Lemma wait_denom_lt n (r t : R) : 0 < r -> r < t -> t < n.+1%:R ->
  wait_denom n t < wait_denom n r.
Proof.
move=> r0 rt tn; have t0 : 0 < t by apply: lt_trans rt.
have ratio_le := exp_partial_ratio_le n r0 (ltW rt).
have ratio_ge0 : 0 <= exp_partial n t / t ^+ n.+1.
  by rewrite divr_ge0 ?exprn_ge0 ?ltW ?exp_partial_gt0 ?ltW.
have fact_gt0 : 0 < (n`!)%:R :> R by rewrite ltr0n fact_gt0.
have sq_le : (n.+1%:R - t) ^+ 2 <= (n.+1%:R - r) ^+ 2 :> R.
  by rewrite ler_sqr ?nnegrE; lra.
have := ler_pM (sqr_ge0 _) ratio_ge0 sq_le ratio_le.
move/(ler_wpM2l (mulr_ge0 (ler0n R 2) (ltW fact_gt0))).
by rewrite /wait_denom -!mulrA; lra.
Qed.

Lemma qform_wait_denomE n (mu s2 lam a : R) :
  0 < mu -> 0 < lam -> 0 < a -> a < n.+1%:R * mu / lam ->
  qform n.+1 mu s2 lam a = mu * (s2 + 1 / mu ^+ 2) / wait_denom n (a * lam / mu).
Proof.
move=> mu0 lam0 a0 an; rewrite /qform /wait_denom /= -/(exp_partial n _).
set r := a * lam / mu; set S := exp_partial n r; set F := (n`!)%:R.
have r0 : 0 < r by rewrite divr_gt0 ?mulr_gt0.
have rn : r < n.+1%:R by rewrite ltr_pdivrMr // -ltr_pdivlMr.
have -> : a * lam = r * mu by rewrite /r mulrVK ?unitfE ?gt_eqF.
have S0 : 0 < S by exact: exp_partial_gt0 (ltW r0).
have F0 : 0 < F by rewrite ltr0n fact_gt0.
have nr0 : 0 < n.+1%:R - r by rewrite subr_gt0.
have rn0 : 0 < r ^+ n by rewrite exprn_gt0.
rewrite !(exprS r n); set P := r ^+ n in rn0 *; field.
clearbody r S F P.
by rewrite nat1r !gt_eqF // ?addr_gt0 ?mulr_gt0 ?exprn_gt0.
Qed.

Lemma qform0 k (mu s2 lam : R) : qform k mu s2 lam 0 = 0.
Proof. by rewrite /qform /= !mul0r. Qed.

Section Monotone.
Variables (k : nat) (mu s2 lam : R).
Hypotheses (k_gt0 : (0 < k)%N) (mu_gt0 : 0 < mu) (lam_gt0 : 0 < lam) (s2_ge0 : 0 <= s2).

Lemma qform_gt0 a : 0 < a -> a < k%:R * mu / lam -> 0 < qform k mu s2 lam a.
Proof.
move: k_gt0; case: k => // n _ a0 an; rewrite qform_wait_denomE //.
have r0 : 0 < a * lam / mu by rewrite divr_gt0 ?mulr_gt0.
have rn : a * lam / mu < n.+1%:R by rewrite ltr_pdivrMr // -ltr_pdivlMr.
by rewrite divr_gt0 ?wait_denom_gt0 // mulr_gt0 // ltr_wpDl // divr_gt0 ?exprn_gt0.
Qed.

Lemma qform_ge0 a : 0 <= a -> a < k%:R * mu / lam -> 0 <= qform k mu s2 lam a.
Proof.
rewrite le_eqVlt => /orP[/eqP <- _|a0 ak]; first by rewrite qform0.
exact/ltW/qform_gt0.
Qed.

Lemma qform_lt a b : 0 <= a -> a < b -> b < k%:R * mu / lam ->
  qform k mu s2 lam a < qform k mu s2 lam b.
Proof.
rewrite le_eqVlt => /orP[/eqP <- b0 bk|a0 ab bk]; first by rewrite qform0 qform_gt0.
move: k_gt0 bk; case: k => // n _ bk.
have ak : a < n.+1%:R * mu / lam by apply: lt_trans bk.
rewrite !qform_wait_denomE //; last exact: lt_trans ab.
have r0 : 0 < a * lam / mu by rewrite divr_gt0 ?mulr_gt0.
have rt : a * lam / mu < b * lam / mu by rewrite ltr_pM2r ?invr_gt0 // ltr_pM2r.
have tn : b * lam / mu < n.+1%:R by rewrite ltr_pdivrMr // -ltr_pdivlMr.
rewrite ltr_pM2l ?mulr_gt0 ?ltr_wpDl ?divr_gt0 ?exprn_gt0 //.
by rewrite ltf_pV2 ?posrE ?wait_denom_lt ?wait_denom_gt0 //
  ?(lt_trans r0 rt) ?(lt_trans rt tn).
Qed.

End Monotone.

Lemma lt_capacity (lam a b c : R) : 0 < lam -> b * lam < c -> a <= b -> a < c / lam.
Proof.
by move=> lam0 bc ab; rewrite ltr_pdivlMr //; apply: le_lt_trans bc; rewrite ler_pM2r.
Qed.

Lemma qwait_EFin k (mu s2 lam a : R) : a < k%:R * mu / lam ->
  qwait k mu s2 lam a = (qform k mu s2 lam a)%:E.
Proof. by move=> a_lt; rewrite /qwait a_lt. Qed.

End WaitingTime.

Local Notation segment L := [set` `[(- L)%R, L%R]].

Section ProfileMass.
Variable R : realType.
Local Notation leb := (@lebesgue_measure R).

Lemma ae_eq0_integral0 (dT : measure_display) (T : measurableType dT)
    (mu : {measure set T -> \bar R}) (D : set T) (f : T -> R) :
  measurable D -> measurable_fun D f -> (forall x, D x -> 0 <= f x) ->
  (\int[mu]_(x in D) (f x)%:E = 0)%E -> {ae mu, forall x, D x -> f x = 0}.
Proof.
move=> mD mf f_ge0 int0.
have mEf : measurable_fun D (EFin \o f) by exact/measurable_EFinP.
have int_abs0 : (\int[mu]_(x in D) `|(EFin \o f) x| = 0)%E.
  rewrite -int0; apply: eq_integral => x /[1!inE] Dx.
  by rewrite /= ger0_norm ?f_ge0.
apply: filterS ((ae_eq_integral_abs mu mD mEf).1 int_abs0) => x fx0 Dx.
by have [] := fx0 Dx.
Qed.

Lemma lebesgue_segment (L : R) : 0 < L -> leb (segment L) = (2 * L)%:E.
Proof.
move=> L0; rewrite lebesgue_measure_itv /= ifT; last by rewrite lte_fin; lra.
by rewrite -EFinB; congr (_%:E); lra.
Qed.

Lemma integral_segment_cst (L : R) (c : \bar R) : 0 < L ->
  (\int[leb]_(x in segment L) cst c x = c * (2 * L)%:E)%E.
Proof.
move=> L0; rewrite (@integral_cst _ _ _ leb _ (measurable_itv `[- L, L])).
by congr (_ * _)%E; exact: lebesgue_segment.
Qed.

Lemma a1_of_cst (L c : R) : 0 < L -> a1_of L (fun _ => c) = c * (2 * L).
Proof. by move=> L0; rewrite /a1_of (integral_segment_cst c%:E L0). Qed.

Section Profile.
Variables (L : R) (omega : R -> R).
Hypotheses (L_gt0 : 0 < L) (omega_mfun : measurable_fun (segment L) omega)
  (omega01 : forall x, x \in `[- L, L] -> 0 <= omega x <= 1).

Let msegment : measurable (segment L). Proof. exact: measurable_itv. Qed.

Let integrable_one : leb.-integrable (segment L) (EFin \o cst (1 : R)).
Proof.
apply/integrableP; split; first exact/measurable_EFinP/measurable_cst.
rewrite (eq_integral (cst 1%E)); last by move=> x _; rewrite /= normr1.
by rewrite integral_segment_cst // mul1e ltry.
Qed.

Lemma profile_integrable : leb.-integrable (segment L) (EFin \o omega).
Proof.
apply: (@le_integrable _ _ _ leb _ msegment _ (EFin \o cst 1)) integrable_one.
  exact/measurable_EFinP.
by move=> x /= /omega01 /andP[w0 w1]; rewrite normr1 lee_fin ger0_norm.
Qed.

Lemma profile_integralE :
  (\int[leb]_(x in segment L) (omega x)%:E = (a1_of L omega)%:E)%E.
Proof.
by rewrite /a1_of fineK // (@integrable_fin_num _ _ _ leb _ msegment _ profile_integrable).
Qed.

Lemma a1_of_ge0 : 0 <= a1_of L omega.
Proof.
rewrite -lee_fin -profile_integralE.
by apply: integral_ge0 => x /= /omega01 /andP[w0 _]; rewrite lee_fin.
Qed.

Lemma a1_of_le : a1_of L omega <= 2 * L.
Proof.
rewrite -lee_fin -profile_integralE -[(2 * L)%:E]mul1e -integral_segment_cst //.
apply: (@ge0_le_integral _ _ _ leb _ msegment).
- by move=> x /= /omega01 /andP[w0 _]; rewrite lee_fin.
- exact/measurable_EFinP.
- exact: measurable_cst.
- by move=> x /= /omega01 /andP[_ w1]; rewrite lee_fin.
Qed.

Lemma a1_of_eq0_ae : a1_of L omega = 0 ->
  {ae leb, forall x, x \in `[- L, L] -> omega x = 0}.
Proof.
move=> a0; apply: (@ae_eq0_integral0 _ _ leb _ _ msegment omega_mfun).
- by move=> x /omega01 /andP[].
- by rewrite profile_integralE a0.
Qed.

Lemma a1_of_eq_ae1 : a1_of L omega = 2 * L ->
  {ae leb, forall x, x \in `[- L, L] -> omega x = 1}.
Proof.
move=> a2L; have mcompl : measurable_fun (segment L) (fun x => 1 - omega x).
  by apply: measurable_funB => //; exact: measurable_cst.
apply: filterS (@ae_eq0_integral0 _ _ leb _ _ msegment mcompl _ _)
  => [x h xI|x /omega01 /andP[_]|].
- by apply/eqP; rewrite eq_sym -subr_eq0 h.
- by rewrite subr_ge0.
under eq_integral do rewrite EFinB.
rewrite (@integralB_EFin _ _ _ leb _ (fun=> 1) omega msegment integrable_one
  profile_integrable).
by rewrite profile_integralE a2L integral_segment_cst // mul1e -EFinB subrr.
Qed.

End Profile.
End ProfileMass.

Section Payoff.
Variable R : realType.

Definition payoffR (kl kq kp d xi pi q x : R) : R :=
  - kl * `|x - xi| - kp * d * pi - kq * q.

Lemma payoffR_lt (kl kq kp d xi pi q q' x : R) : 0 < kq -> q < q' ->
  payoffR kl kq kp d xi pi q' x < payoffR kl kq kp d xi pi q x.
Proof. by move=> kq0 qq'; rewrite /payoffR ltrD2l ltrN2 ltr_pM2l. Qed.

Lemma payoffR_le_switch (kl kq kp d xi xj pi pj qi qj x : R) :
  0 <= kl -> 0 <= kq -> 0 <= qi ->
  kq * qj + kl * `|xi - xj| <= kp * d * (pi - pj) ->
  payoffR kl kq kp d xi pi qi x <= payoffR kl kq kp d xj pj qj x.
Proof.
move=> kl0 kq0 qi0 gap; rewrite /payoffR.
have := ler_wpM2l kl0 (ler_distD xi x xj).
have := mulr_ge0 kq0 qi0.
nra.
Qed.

• What you have to do
Please provide an exact transcription of each line from the one holding "Lemma a1_of_eq_ae1 : a1_of L omega = 2 * L ->" through the final line of the data above.

• Answer to this task
Lemma a1_of_eq_ae1 : a1_of L omega = 2 * L ->
  {ae leb, forall x, x \in `[- L, L] -> omega x = 1}.
Proof.
move=> a2L; have mcompl : measurable_fun (segment L) (fun x => 1 - omega x).
  by apply: measurable_funB => //; exact: measurable_cst.
apply: filterS (@ae_eq0_integral0 _ _ leb _ _ msegment mcompl _ _)
  => [x h xI|x /omega01 /andP[_]|].
- by apply/eqP; rewrite eq_sym -subr_eq0 h.
- by rewrite subr_ge0.
under eq_integral do rewrite EFinB.
rewrite (@integralB_EFin _ _ _ leb _ (fun=> 1) omega msegment integrable_one
  profile_integrable).
by rewrite profile_integralE a2L integral_segment_cst // mul1e -EFinB subrr.
Qed.

End Profile.
End ProfileMass.

Section Payoff.
Variable R : realType.

Definition payoffR (kl kq kp d xi pi q x : R) : R :=
  - kl * `|x - xi| - kp * d * pi - kq * q.

Lemma payoffR_lt (kl kq kp d xi pi q q' x : R) : 0 < kq -> q < q' ->
  payoffR kl kq kp d xi pi q' x < payoffR kl kq kp d xi pi q x.
Proof. by move=> kq0 qq'; rewrite /payoffR ltrD2l ltrN2 ltr_pM2l. Qed.

Lemma payoffR_le_switch (kl kq kp d xi xj pi pj qi qj x : R) :
  0 <= kl -> 0 <= kq -> 0 <= qi ->
  kq * qj + kl * `|xi - xj| <= kp * d * (pi - pj) ->
  payoffR kl kq kp d xi pi qi x <= payoffR kl kq kp d xj pj qj x.
Proof.
move=> kl0 kq0 qi0 gap; rewrite /payoffR.
have := ler_wpM2l kl0 (ler_distD xi x xj).
have := mulr_ge0 kq0 qi0.
nra.
Qed.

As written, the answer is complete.